▶ **Your instructions**
Your answer should be the lines below from the one holding "split=> [[z /sem hz] | [b [hb hdec]]]." through the one holding "exists z; apply/sem;", copied exactly and with nothing else.

▶ **Data for analysis**
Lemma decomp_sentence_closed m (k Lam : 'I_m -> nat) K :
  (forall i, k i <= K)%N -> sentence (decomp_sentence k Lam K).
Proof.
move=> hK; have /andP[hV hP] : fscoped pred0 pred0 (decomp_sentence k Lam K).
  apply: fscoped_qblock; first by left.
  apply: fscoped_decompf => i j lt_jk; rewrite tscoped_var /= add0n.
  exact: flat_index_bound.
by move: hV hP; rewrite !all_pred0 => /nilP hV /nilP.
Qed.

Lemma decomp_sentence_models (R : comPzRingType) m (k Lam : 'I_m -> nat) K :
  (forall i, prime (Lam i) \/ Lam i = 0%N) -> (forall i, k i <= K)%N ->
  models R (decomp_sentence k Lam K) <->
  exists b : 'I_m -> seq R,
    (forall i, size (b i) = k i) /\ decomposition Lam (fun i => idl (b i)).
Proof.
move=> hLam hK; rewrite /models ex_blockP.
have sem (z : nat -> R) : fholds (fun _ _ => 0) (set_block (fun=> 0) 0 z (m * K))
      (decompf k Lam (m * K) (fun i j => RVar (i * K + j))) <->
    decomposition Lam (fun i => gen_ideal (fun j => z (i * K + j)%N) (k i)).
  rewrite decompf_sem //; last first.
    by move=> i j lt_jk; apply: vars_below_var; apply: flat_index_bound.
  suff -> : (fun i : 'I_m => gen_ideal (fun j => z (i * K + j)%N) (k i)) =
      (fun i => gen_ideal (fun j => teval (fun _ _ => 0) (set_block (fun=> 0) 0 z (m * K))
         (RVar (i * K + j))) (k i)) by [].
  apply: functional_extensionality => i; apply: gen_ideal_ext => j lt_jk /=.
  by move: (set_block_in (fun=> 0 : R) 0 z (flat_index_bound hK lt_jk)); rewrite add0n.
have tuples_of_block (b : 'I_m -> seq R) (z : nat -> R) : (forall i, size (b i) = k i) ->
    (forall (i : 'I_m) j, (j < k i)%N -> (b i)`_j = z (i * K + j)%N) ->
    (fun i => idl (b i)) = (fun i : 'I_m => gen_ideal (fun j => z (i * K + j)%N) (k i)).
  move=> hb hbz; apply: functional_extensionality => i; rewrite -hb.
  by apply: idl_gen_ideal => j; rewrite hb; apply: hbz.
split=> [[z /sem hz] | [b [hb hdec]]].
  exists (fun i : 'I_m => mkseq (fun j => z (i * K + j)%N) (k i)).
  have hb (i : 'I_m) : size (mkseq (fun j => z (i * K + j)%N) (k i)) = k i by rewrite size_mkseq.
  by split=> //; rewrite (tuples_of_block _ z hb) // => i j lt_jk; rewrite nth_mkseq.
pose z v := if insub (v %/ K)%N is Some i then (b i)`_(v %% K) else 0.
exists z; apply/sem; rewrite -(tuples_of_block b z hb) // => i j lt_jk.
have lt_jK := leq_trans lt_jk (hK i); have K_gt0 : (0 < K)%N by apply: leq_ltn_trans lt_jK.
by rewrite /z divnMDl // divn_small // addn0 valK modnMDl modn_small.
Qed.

▶ **Answer below**
split=> [[z /sem hz] | [b [hb hdec]]].
  exists (fun i : 'I_m => mkseq (fun j => z (i * K + j)%N) (k i)).
  have hb (i : 'I_m) : size (mkseq (fun j => z (i * K + j)%N) (k i)) = k i by rewrite size_mkseq.
  by split=> //; rewrite (tuples_of_block _ z hb) // => i j lt_jk; rewrite nth_mkseq.
pose z v := if insub (v %/ K)%N is Some i then (b i)`_(v %% K) else 0.
exists z; apply/sem; rewrite -(tuples_of_block b z hb) // => i j lt_jk.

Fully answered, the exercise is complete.